Все это размышление явно перекликается с написанным несколькими годами раньше «Преступлением и наказанием». Но как же Достоевский относится к «преступлению» крестьянского парня, отрицающего то, что еще вчера было для него святыней? Он пишет там же, что «удивительна» самая «возможность такого спора и состязания в русской деревне: „Кто кого дерзостнее сделает?“ Ужасно на многое намекающий факт…»
Едва ли случайно возникло здесь словечко «ужасно» — хотя оно и выступает тут всего лишь в значении «очень». Да, Достоевского ужасали эти прорывающиеся вдруг в его народе сила и безграничность самоотрицания. Но только ли ужасали? Перечтите его рассуждение о «забвении всякой мерки во всем» и т. д. Разве здесь не слышно и совсем иное чувство? Вскоре после того, как Достоевский рассказал эту историю о дерзости и отрицании, он записал в одной из своих неопубликованных тетрадей: «Отрицание необходимо, иначе человек так бы и заключился на земле, как клоп. Отрицание земли нужно, чтобы быть бесконечным».

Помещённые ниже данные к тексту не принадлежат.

(* Let $F$ be a nonempty face of $V_0$ and $\lambda\in\Xi$. Then $\lambda\in\mathcal U(F)$ (i.e. $F\subseteq F_\lambda$) if and only if $N_\lambda\ge\phi(F)$ in $\mathcal{SC}(\mathcal M)$.
   Context: Let $\mathcal M$ be a regular matroid on a finite ground set $E$, represented by a totally unimodular matrix $M$ with columns $c_e$; $\mathcal F=\ker M\subseteq\mathbb R^E$ with Euclidean inner product, $\Lambda=\ker M\cap\mathbb Z^E$, $V_0=\{x\in\mathcal F:\|x\|\le\|x-\mu\|\ \forall\mu\in\Lambda\}$. A circuit in $\Lambda$ is a flow with coordinates in $\{-1,0,1\}$ whose support is a circuit (minimal dependent set of columns) of $\mathcal M$; $\Xi$ is the set of these. For $\gamma\in\Xi$, $F_\gamma=\{x\in\mathcal F:2\langle x,\gamma\rangle=\|\gamma\|^2\}$. An oriented submatroid is $(S,\varepsilon)$, $S\subseteq E$, $\varepsilon:S\to\{\pm1\}$; it is strongly connected if for every $e\in S$ there is $w\in\mathbb Z_{\ge0}^S$ with $w_e\ge1$ and $\sum_{f\in S}w_f\varepsilon_fc_f=0$. $\mathcal{SC}(\mathcal M)$ is the set of these, ordered by $(S,\varepsilon)\le(S',\varepsilon')$ iff $S'\subseteq S$ and $\varepsilon'=\varepsilon|_{S'}$. For $\lambda\in\Lambda$, $N_\lambda=(\operatorname{supp}\lambda,\ e\mapsto\operatorname{sgn}\lambda_e)$. For a nonempty face $F$ of $V_0$, $\mathcal U(F)=\{\gamma\in\Xi:F\subseteq F_\gamma\}$ and $\phi(F)=(S,\varepsilon)$ with $S=\bigcup_{\gamma\in\mathcal U(F)}\operatorname{supp}\gamma$ and $\varepsilon_e=\operatorname{sgn}\gamma_e$ for any $\gamma\in\mathcal U(F)$ with $e\in\operatorname{supp}\gamma$ (this is well defined and lies in $\mathcal{SC}(\mathcal M)$). *)

From HB Require Import structures.
From mathcomp Require Import all_boot all_order all_algebra.
From mathcomp Require Import reals.
From Stdlib Require Import ClassicalEpsilon.
Set Implicit Arguments. Unset Strict Implicit. Unset Printing Implicit Defensive.
Import Order.TTheory GRing.Theory Num.Theory.
Local Open Scope ring_scope.

(* Ground set E = 'I_m; M : 'M[int]_(r, m), columns c_e = col e M. *)

Definition totally_unimodular (r m : nat) (M : 'M[int]_(r, m)) : Prop :=
  forall (k : nat) (f : 'I_k -> 'I_r) (g : 'I_k -> 'I_m),
    \det (mxsub f g M) \in [:: -1; 0; 1].

Definition dotR (R : realType) (m : nat) (x y : 'I_m -> R) : R :=
  \sum_(e < m) x e * y e.
Definition normR (R : realType) (m : nat) (x : 'I_m -> R) : R :=
  Num.sqrt (dotR x x).

Definition intv (R : realType) (m : nat) (v : 'I_m -> int) : 'I_m -> R :=
  fun e => (v e)%:~R.

Definition in_flow_space (R : realType) (r m : nat) (M : 'M[int]_(r, m))
  (x : 'I_m -> R) : Prop :=
  forall i : 'I_r, \sum_(e < m) (M i e)%:~R * x e = 0.

Definition in_lattice (r m : nat) (M : 'M[int]_(r, m)) (mu : 'I_m -> int) : Prop :=
  forall i : 'I_r, \sum_(e < m) M i e * mu e = 0.

Definition voronoi0 (R : realType) (r m : nat) (M : 'M[int]_(r, m))
  (x : 'I_m -> R) : Prop :=
  in_flow_space M x /\
  forall mu : 'I_m -> int, in_lattice M mu ->
    normR x <= normR (fun e => x e - intv R mu e).

Definition dependent_cols (R : realType) (r m : nat) (M : 'M[int]_(r, m))
  (S : {set 'I_m}) : Prop :=
  exists x : 'I_m -> R, (exists e, x e != 0) /\
    (forall e, x e != 0 -> e \in S) /\ in_flow_space M x.

Definition is_circuit (R : realType) (r m : nat) (M : 'M[int]_(r, m))
  (S : {set 'I_m}) : Prop :=
  dependent_cols R M S /\ forall T : {set 'I_m}, T \proper S -> ~ dependent_cols R M T.

Definition supp (m : nat) (g : 'I_m -> int) : {set 'I_m} := [set e | g e != 0].

Definition is_circuit_flow (R : realType) (r m : nat) (M : 'M[int]_(r, m))
  (g : 'I_m -> int) : Prop :=
  (forall e, g e \in [:: -1; 0; 1]) /\ in_lattice M g /\ is_circuit R M (supp g).

(* nonempty-or-not face of a set K in R^E: exposed by a supporting hyperplane
   (includes K itself with a = 0, b = 0) *)
Definition is_face (R : realType) (m : nat) (K F : ('I_m -> R) -> Prop) : Prop :=
  exists (a : 'I_m -> R) (b : R),
    (forall x, K x -> dotR a x <= b) /\
    (forall x, F x <-> (K x /\ dotR a x = b)).

Definition Fgamma (R : realType) (r m : nat) (M : 'M[int]_(r, m))
  (g : 'I_m -> int) (x : 'I_m -> R) : Prop :=
  in_flow_space M x /\ 2 * dotR x (intv R g) = normR (intv R g) ^+ 2.

Definition inU (R : realType) (r m : nat) (M : 'M[int]_(r, m))
  (F : ('I_m -> R) -> Prop) (g : 'I_m -> int) : Prop :=
  is_circuit_flow R M g /\ forall x, F x -> Fgamma M g x.

(* oriented submatroids (S, eps), eps only meaningful on S *)
Definition osub (m : nat) : Type := (('I_m -> Prop) * ('I_m -> int))%type.

Definition sc_le (m : nat) (N1 N2 : osub m) : Prop :=
  (forall e, N2.1 e -> N1.1 e) /\ (forall e, N2.1 e -> N2.2 e = N1.2 e).

Definition N_of (m : nat) (l : 'I_m -> int) : osub m :=
  (fun e => l e != 0 : Prop, fun e => sgz (l e)).

Definition phi (R : realType) (r m : nat) (M : 'M[int]_(r, m))
  (F : ('I_m -> R) -> Prop) : osub m :=
  (fun e => exists g, inU M F g /\ g e != 0,
   fun e => sgz (epsilon (inhabits (fun _ : 'I_m => 0 : int))
                  (fun g => inU M F g /\ g e != 0) e)).

From HB Require Import structures.
From mathcomp Require Import all_boot all_order all_algebra.
From mathcomp Require Import reals.
From mathcomp Require Import ring lra zify.
From Stdlib Require Import Classical ClassicalEpsilon.

(* For a {-1,0,1}-circuit g one has |g|^2 = |g|_1, so a flow x lies on F_g exactly when
   2 <x, g> = |g|_1, i.e. when g is tight at x.  Total unimodularity provides, through any
   coordinate of the support of a nonzero lattice flow l, a circuit conforming to l: shrink a
   conformal real flow to a support-minimal one, which by Cramer's rule is a multiple of a
   {-1,0,1}-vector.  Peeling off such circuits gives 2 <x, l> <= |l|_1 on V_0 for every lattice
   flow l, so at a point of V_0 tightness passes to sums of sign-compatible vectors and to the
   summands of a decomposition l + k with |l + k|_1 = |l|_1 + |k|_1.  Two circuits tight at a
   common point are sign-compatible, since otherwise their sum would break the bound; this gives
   N_l >= phi(F) for l in U(F).  Conversely, if N_l >= phi(F), the sum mu of circuits of U(F)
   chosen through the coordinates of supp l is tight on F and l conforms to mu, so l is tight
   on F as a summand of mu = l + (mu - l). *)

Set Implicit Arguments. Unset Strict Implicit. Unset Printing Implicit Defensive.
Import Order.TTheory GRing.Theory Num.Theory.
Local Open Scope ring_scope.

Definition pm1_valued (R : numDomainType) (I : Type) (v : I -> R) : Prop :=
  forall i, v i \in [:: -1; 0; 1].

Lemma pm1_signr (R : numDomainType) (x : R) k :
  x \in [:: -1; 0; 1] -> (-1) ^+ k * x \in [:: -1; 0; 1].
Proof.
rewrite -signr_odd; case: (odd k); rewrite ?expr0 ?expr1 ?mul1r //.
by rewrite !inE => /or3P [] /eqP ->; rewrite ?mulN1r ?opprK ?oppr0 eqxx ?orbT.
Qed.

Lemma pm1_intr (R : numDomainType) (z : int) :
  z \in [:: -1; 0; 1] -> (z%:~R : R) \in [:: -1; 0; 1].
Proof.
by rewrite !inE => /or3P [] /eqP ->; rewrite ?rmorphN ?rmorph1 ?rmorph0 eqxx ?orbT.
Qed.

Lemma pm1_intrP (R : numDomainType) (x : R) :
  x \in [:: -1; 0; 1] -> exists z : int, z \in [:: -1; 0; 1] /\ x = z%:~R.
Proof.
rewrite !inE => /or3P [] /eqP ->; [exists (-1) | exists 0 | exists 1];
  by rewrite ?rmorphN ?rmorph1 ?rmorph0.
Qed.

Definition conforms (R : numDomainType) m (b a : 'I_m -> R) : Prop :=
  forall e, b e != 0 -> 0 < b e * a e.

Definition sign_compatible m (a b : 'I_m -> int) : Prop :=
  forall e, 0 <= a e * b e.

Lemma mulr_self_gt0 (R : realDomainType) (x : R) : x != 0 -> 0 < x * x.
Proof. by move=> x0; rewrite lt0r mulf_eq0 negb_or x0 -expr2 sqr_ge0. Qed.

Lemma conforms_trans (R : realDomainType) m (c b a : 'I_m -> R) :
  conforms c b -> conforms b a -> conforms c a.
Proof.
move=> cb ba e ce; have cbe := cb e ce.
have be : b e != 0 by apply: contraTneq cbe => ->; rewrite mulr0 ltxx.
have : 0 < (c e * a e) * (b e * b e) by rewrite mulrACA mulr_gt0 // mulrC ba.
by rewrite (pmulr_lgt0 _ (mulr_self_gt0 be)).
Qed.

Lemma sgz_eq_mul_ge0 (a b : int) : a != 0 -> b != 0 -> 0 <= a * b -> sgz a = sgz b.
Proof. by move=> a0 b0 ab; nia. Qed.

Lemma mul_gt0_sgz_eq (a b : int) : a != 0 -> sgz a = sgz b -> 0 < a * b.
Proof. by move=> a0 ab; nia. Qed.

Lemma mul_ge0_sign_trans (a b c : int) : 0 < a * c -> 0 <= b * c -> 0 <= a * b.
Proof. by move=> ac bc; nia. Qed.

Lemma normz_conforms_pm1 (g l : int) : g \in [:: -1; 0; 1] -> (g != 0 -> 0 < g * l) ->
  `|l| = `|g| + `|l - g|.
Proof. by rewrite !inE => /or3P [] /eqP -> gl; lia. Qed.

И хотя Достоевского, безусловно, страшит «забвение всякой мерки», он тем не менее пишет о дерзости крестьянского парня так:
«Надругаться над такой святыней народною, разорвать тем со всею землей, разрушить себя самого во веки веков для одной лишь минуты торжества отрицаньем и гордостью!.. Возможность такого напряжения страсти, возможность таких мрачных и сложных ощущений в душе простолюдина поражает! И заметьте, все это возросло почти до сознательной идеи».
Очень важно иметь в виду это замечание о сознательной идее. То «отрицание земли», о котором говорит Достоевский, невозможно вне «сознания». Именно и только благодаря сознанию, «сознательной идее», человек способен подняться над «землей», вырваться из пределов данной ему вместе с его рождением жизни.
В романе Достоевского взят тот крайний случай отрицания жизни сознанием, который выражается в реальном, фактическом убийстве. Это роман о предельном испытании идеи.
Достоевский не верил, что «теория» способна плодотворно преобразовать жизнь, — и в то же время он был уверен в неизбежности и даже необходимости «отрицания земли» сознанием. Эта неразрешимость представала перед ним как трагедия человеческого бытия…
Для понимания основных героев Достоевского — в том числе и Раскольникова — очень важна характеристика глубокой внутренней сущности этих героев, высказанная в книге М. М. Бахтина «Проблемы поэтики Достоевского»:
«В каждом из них „мысль великая и неразрешенная“, всем им прежде всего „надобно мысль разрешить“. И в этом-то разрешении мысли (идеи) вся их подлинная жизнь… Все ведущие герои Достоевского, как люди идеи, абсолютно бескорыстны (им „не надобно миллионов, а надобно мысль разрешить“); идейность и бескорыстие как бы синонимы. В этом смысле абсолютно бескорыстен и Раскольников, убивший старуху процентщицу».
В связи с этим уместно привести один набросок Достоевского к роману. Под заголовком «капитальное» в первоначальную рукопись было введено следующее рассуждение Раскольникова, обращенное к Соне:
«Возлюби! Да разве я не люблю, коль такой ужас решился взять на себя? Что чужая-то кровь, а не своя? Да разве б не отдал я всю мою кровь? если б надо?
Он задумался.
— Перед Богом, меня видящим, и перед моей совестью здесь сам с собой говоря, говорю: я бы отдал!
— Я не старуху зарезал: я принцип зарезал».
Мысль о том, что, «если б надо», если б это представлялось
Косвенно это же понимание сущности Раскольникова прорывается и еще один раз, когда Свидригайлов, говоря о глубоко родственной Раскольникову натуре его сестры Дуни, замечает, что, живи она в эпоху раннего христианства, «она, без сомнения, была бы одна из тех, которые претерпели мученичество, и, уж конечно бы, улыбалась, когда бы ей жгли грудь раскаленными щипцами». А в самом конце романа Раскольников размышляет о том, что «он тысячу раз… готов был отдать свое существование за идею, за надежду, даже за фантазию».
Хотя Раскольников и не говорит прямо, что он может «преступить» и свою кровь, а не только чужую, само его преступление есть одновременно как бы самопожертвование, ибо он, убивая, «такой ужас решился взять на себя», — ужас, безусловно, не меньший для него, чем ужас самопожертвования.